LLDP TLV, then receiving address via DHCP for VTEP and option with bootfile address
CDP/LLDP can discover non-ACI switches and put them into unmanaged nodes group (e.g. blade switch)
LLDP for discovering infra VLAN
manual admission to fabric
in LLDP TLV there is a vector (APIC ID, APIC IP, APIC UUID) – APIC discovery (mismatch – report to APIC)
between APIC and node – IFM (intra-fabric messaging) heartbeat over TLS

; delete fabric config; adding to fabric requires reload
# acidiag touch clean

APIC

image management
DHCP/TFTP server during discovery
stores 3 copies of DB (shards): 3 APIC = copy on each, more – random ⇒ increase number of APICs ≡ just increase of allowed leafs, not extra fault-tolerance
APIC-L > 1000 physical ports, APIC-M 3 APICs quorum != data consistency (shards can be RO or lost)
if shard is lost (all 3 APICs holding it are down) – restore from snapshot
active-standby uplink
in-band preferred over out-of-band
can host containers, subnet 172.16.0.0/16
shard leader – RW, others in RO
after split-brain restore according to timestamps
if fabric starts with 1 or 2 APICs – RW
after all APICs failed, new APICs can read config and state from fabric (VTEP, SGT, VNID,.. – fabric ID recovery)
APIC cluster has same version (exception – during upgrade)
bond0. = TEP pool + APIC ID (e.g. 10.0.0.3)

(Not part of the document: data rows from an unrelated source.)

Lemma leaf_change_accepted_potential n w l l' : (forall i, (i < n)%nat -> 0 < w i) ->
  leaf_change n l l' -> valid_list n l -> accept_list n w l l' = true ->
  (potential n l' <= potential n l)%nat.
Proof.
  intros Hw [| l1 a l2 u Hu | l1 l2 u Hu | l1 a l2] Hv Ha; auto.
  - apply (accepted_subst_potential n w Hw); auto. apply terminals_valid; auto.
  - pose proof (accepted_insert_potential n w Hw l1 l2 u Hv (terminals_valid n u Hu) Ha). lia.
  - pose proof (accepted_delete_potential n w Hw l1 l2 a Hv Ha). lia.
Qed.

Section Drift.
Variable n : nat.
Variable w : nat -> R.
Hypothesis n_pos : (1 <= n)%nat.
Hypothesis w_pos : forall i, (i < n)%nat -> 0 < w i.

Definition next X Y : tree := if accept n w X Y then Y else X.

Definition pot (X : tree) : nat := potential n (leaflist X).

Definition gain X Y : R := Gpot n (pot X) - Gpot n (pot (next X Y)).

(* Since accepted offspring never raise the potential, gains are nonnegative. *)
Lemma gain_nonneg X pY : valid n X -> In pY (mutate n X) -> 0 <= gain X (snd pY).
Proof.
  intros Hv HpY. unfold gain, next. destruct (accept n w X (snd pY)) eqn:Ha; [|lra].
  rewrite accept_leaflist in Ha.
  pose proof (leaf_change_accepted_potential n w (leaflist X) (leaflist (snd pY)) w_pos
                (mutate_leaf_change n X pY HpY) Hv Ha).
  pose proof (Gpot_mono n _ _ H). unfold pot. lra.
Qed.

Lemma gain_progress X Y : accept n w X Y = true -> (pot Y + 1 <= pot X)%nat ->
  step_size n (pot X) <= gain X Y.
Proof. intros Ha Hp. unfold gain, next. rewrite Ha. apply Gpot_drop; auto. Qed.

Lemma weighted_gain c d g (b : bool) : 0 <= c -> 0 <= g -> (b = true -> d <= g) ->
  c * d * (if b then 1 else 0) <= c * g.
Proof. intros Hc Hg H. destruct b; [specialize (H eq_refl)|]; nra. Qed.

Lemma insert_absent_gain s k u b : valid n (Some s) -> In u (terminals n) ->
  absent_pos (leaves s) u = true ->
  step_size n (pot (Some s)) <= gain (Some s) (Some (insert_at s k u b)).
Proof.
  intros Hv Hu Habs. destruct (leaves_insert_at s k u b) as (l1 & l2 & E1 & E2).
  pose proof (terminals_valid n u Hu) as Hun.
  assert (Ha : accept_list n w (l1 ++ l2) (l1 ++ (fst u, snd u) :: l2) = true).
  { apply absent_insert_accepted; auto. rewrite <- E1. destruct u; exact Habs. }
  apply gain_progress.
  - rewrite accept_leaflist. simpl leaflist. rewrite E1, E2. exact Ha.
  - unfold pot; simpl leaflist. rewrite E1, E2.
    pose proof (accepted_insert_potential n w w_pos l1 l2 (fst u, snd u)) as P.
    rewrite <- E1 in P. specialize (P Hv Hun). rewrite E1 in P. specialize (P Ha).
    unfold lit in *. lia.
Qed.

Lemma delete_safe_gain s j d : valid n (Some s) -> (j < nleaves s)%nat ->
  safe_leaf (leaves s) (nth j (leaves s) d) = true ->
  step_size n (pot (Some s)) <= gain (Some s) (delete_at s j).
Proof.
  intros Hv Hj Hs. destruct (leaves_delete_at s j Hj) as (l1 & a & l2 & E1 & E2 & E3).
  assert (Hnth : nth j (leaves s) d = a) by (rewrite E1, <- E2; apply nth_middle).
  assert (Hv' : valid_list n (l1 ++ a :: l2)) by (red in Hv; simpl in Hv; rewrite <- E1; exact Hv).
  rewrite Hnth, E1 in Hs.
  assert (Ha : accept_list n w (l1 ++ a :: l2) (l1 ++ l2) = true)
    by (apply safe_delete_accepted; auto).
  apply gain_progress.
  - rewrite accept_leaflist. simpl leaflist. rewrite E1, E3. exact Ha.
  - unfold pot; simpl leaflist. rewrite E1, E3.
    apply (accepted_delete_potential n w w_pos l1 l2 a Hv' Ha).
Qed.

Lemma insertion_part_gain s : valid n (Some s) ->
  step_size n (pot (Some s)) * sumR (terminals n) (fun u => if absent_pos (leaves s) u then 1 else 0)
    / (6 * INR n)
  <= sumR (seq 0 (ssize s)) (fun k => sumR (terminals n) (fun u => sumR (true :: false :: nil)
       (fun b => /3 * / INR (ssize s) * / INR (length (terminals n)) * / 2
                 * gain (Some s) (Some (insert_at s k u b))))).
Proof.
  intros Hv. set (c := /3 * / INR (ssize s) * / INR (length (terminals n)) * / 2).
  set (d := step_size n (pot (Some s))).
  assert (HK : 0 < INR (ssize s)) by (apply lt_0_INR; pose proof (ssize_pos s); lia).
  assert (Hn : 0 < INR n) by (apply lt_0_INR; lia).
  assert (Ec : c = / (12 * INR (ssize s) * INR n))
    by (unfold c; rewrite terminals_length; field; lra).
  assert (Hc : 0 <= c) by (rewrite Ec; left; apply Rinv_0_lt_compat; nra).
  assert (Hterm : forall k u b, (k < ssize s)%nat -> In u (terminals n) ->
            c * d * (if absent_pos (leaves s) u then 1 else 0)
            <= c * gain (Some s) (Some (insert_at s k u b))).
  { intros k u b Hk Hu. apply weighted_gain; auto.
    - apply (gain_nonneg _ (c, _) Hv (mutate_in_insert n s k u b Hk Hu)).
    - intros Habs. apply insert_absent_gain; auto. }
  apply Rle_trans with (sumR (seq 0 (ssize s)) (fun k => sumR (terminals n) (fun u =>
       2 * (c * d * (if absent_pos (leaves s) u then 1 else 0))))).
  - rewrite sumR_const, length_seq, sumR_scal, sumR_scal, Ec.
    right. field. lra.
  - apply sumR_le. intros k Hk. apply in_seq in Hk. apply sumR_le. intros u Hu.
    unfold sumR; simpl. pose proof (Hterm k u true ltac:(lia) Hu).
    pose proof (Hterm k u false ltac:(lia) Hu). lra.
Qed.

Lemma deletion_part_gain s : valid n (Some s) ->
  step_size n (pot (Some s)) * sumR (leaves s) (fun x => if safe_leaf (leaves s) x then 1 else 0)
    / (3 * INR (nleaves s))
  <= sumR (seq 0 (nleaves s)) (fun j => /3 * / INR (nleaves s) * gain (Some s) (delete_at s j)).
Proof.
  intros Hv. set (c := /3 * / INR (nleaves s)). set (d := step_size n (pot (Some s))).
  assert (HL : 0 < INR (nleaves s)) by (apply lt_0_INR; pose proof (nleaves_pos s); lia).
  assert (Hc : 0 <= c) by (unfold c; left; apply Rmult_lt_0_compat; [lra|apply Rinv_0_lt_compat; lra]).
  rewrite <- (sumR_nth (leaves s) (0%nat, true)).
  replace (d * sumR (seq 0 (length (leaves s)))
             (fun j => if safe_leaf (leaves s) (nth j (leaves s) (0%nat, true)) then 1 else 0)
           / (3 * INR (nleaves s)))
    with (sumR (seq 0 (nleaves s)) (fun j =>
            c * d * (if safe_leaf (leaves s) (nth j (leaves s) (0%nat, true)) then 1 else 0)))
    by (rewrite sumR_scal; unfold c, nleaves in *; field; lra).
  apply sumR_le. intros j Hj. apply in_seq in Hj. apply weighted_gain; auto.
  - apply (gain_nonneg _ (_, _) Hv (mutate_in_delete n s j ltac:(lia))).
  - intros Hs. apply (delete_safe_gain s j (0%nat, true)); auto. lia.
Qed.

Lemma one_le_div a b : 0 < b -> b <= a -> 1 <= a / b.
Proof.
  intros Hb Hab. replace (a / b) with (1 + (a - b) * / b) by (field; lra).
  assert (0 <= (a - b) * / b) by (apply Rmult_le_pos; [lra|left; apply Rinv_0_lt_compat; lra]).
  lra.
Qed.

Lemma drift_arith P L A D : 1 <= P -> 1 <= INR n -> 1 <= L -> L <= P + INR n ->
  0 <= A -> 0 <= D -> P <= 4 * D + 2 * A ->
  1 <= 12 * (P + INR n) / P * A / (6 * INR n) + 12 * (P + INR n) / P * D / (3 * L).
Proof.
  intros HP Hn HL HLP HA HD Hkey.
  replace (12 * (P + INR n) / P * A / (6 * INR n) + 12 * (P + INR n) / P * D / (3 * L))
    with ((2 * A * ((P + INR n) / INR n) + 4 * D * ((P + INR n) / L)) / P) by (field; lra).
  assert (1 <= (P + INR n) / INR n) by (apply one_le_div; lra).
  assert (1 <= (P + INR n) / L) by (apply one_le_div; lra).
  apply one_le_div; [lra|]. nra.
Qed.

Lemma step_size_ge_12 m : (1 <= m)%nat -> 12 <= step_size n m.
Proof.
  intros Hm. assert (1 <= INR m) by (apply (le_INR 1); auto). unfold step_size.
  replace (12 * (INR m + INR n) / INR m) with (12 * ((INR m + INR n) / INR m)) by (field; lra).
  assert (1 <= (INR m + INR n) / INR m) by (apply one_le_div; pose proof (pos_INR n); lra).
  lra.
Qed.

; bond settings on APIC in /proc/net/bonding/bond0
# acidiag run lldptool out|in eth2-1

Spine

holds COOP DB for all endpoints (global proxy table)
synchronize COOP DB between each other
BGP RR
anycast proxy VTEP for unknown unicast
IP connection towards IP network in multipod/multisite
push update COOP to leaf only because of bounce
COOP = ZeroMQ + DHT
always MAC-VTEP mapping; IP-VTEP – if IP routing is enabled on BD (subnet might be empty)
when proxying, does not change src IP, changes dst IP, for the purpose of data plane learning
if there is no entry in COOP DB regarding RP, runs ARP gleaning on all leaves with BD configured instead of dropping packet; only ARP and IP unknown unicast, MAC for gleaning – BD MAC; for unknown MAC – drop
COOP dampening:
1. enabled by default, can be disabled only via API
2. penalty: per IP, every COOP event brings weighted penalty; after 10 mins decreases by 75%
3. state:
– normal ( 10000 or longer than 5 mins in critical)
– non-dampening (< 2500, freeze → normal)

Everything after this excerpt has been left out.